Docker-compose contains two services:

  1. Database Neo4J can be access locally through http://localhost:7474, connect URL bolt://localhost:7687.
    • Authentication is disabled, thus ignore the fields related to authentication
  2. Our python service exposes its APIs through a FastAPI server http://localhost:8000/docs
    • You can call the different endpoints that our service exposes

Goal

The purpose of this task is to comprehensively process scholarly papers by leveraging metadata extraction services such as CERMINE and GROBID APIs.

Working Procedure

1. Input Processing

Extract metadata for each paper using CERMINE and GROBID (provided through API), including title, authors, affiliations, publication year, etc.

2. Entity Disambiguation

Utilize ORCID, DBLP, and Wikidata APIs for disambiguation:

  • Search paper title in DBLP for the DBLP ID.
  • Match author names with potential ORCID identifiers.
  • Cross-reference paper with Wikidata entries.

3. Validation

Compare results from CERMINE and GROBID; conduct manual checks for discrepancies. If DBLP data is present, match against CERMINE and GROBID results.

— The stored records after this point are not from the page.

(* Let $X\in Ob(\mathscr C)$. Consider the functors \begin{equation*} \mathcal H_X:Vect_K\longrightarrow {^\mathscr C}Ctr,\quad U\mapsto \mathcal H_X^U, \qquad\qquad ev_X:{^\mathscr C}Ctr\longrightarrow Vect_K,\quad \mathcal M\mapsto \mathcal M(X). \end{equation*} Then $(\mathcal H_X,ev_X)$ is a pair of adjoint functors, i.e. there are natural isomorphisms ${^\mathscr C}Ctr(\mathcal H_X^U,\mathcal M)\cong Vect_K(U,\mathcal M(X))$ for $U\in Vect_K$, $\mathcal M\in {^\mathscr C}Ctr$.
   Context: $K$ is a field and $Vect_K$ the category of $K$-vector spaces; for vector spaces $U',U$ we write $(U',U):=Hom_K(U',U)$. A coalgebra $\mathscr C$ with several objects is a small category enriched over $Vect_K^{op}$: a set $Ob(\mathscr C)$, vector spaces $\mathscr C(X,Y)$, and linear maps $\delta_{XYZ}:\mathscr C(X,Z)\to \mathscr C(Y,Z)\otimes \mathscr C(X,Y)$, $\epsilon_X:\mathscr C(X,X)\to K$ satisfying coassociativity and counit conditions. A left $\mathscr C$-contramodule $\mathcal M$ consists of vector spaces $\mathcal M(X)$, $X\in Ob(\mathscr C)$, and maps $\pi_{XY}:(\mathscr C(X,Y),\mathcal M(Y))\to \mathcal M(X)$ such that $\pi_{XZ}\circ(\delta_{XYZ},\mathcal M(Z))=\pi_{XY}\circ(\mathscr C(X,Y),\pi_{YZ})$ as maps $(\mathscr C(X,Y),(\mathscr C(Y,Z),\mathcal M(Z)))\cong(\mathscr C(Y,Z)\otimes\mathscr C(X,Y),\mathcal M(Z))\to\mathcal M(X)$, and $\pi_{XX}\circ(\epsilon_X,\mathcal M(X))=id$ (using $\mathcal M(X)\cong(K,\mathcal M(X))$). Morphisms are families of linear maps $\phi(X)$ with $\phi(X)\circ\pi_{XY}=\pi_{XY}\circ(\mathscr C(X,Y),\phi(Y))$; the category is ${^\mathscr C}Ctr$. For $U\in Vect_K$ and $X\in Ob(\mathscr C)$, $\mathcal H_X^U$ is the contramodule with $\mathcal H_X^U(Y):=(\mathscr C(Y,X),U)$ and structure maps $(\mathscr C(Y,Z),(\mathscr C(Z,X),U))\cong(\mathscr C(Z,X)\otimes\mathscr C(Y,Z),U)\xrightarrow{(\delta_{YZX},U)}(\mathscr C(Y,X),U)$. *)

From HB Require Import structures.
From mathcomp Require Import all_boot all_algebra.
From mathcomp Require Import boolp functions.
From Stdlib Require Import ClassicalEpsilon.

4. Knowledge Graph (KG) Construction

Create nodes for Proceedings, Event, Author, Paper, Affiliations. Ensure papers are connected to proceedings and event. Connect authors to affiliations and papers.

5. Output and Syncing

Store KG privately, ensuring security of personal data such as email addresses. If pushing to a public KG, sanitize private data. Synchronize entities linked to Wikidata.

Current Status of task

  • Access API
  • Utilize
  • Validation

Deadline

  • 2024-01-19: Midterm coordination
  • 2024-03-22: Project result delivery
  • 2024-03-28: Final presentation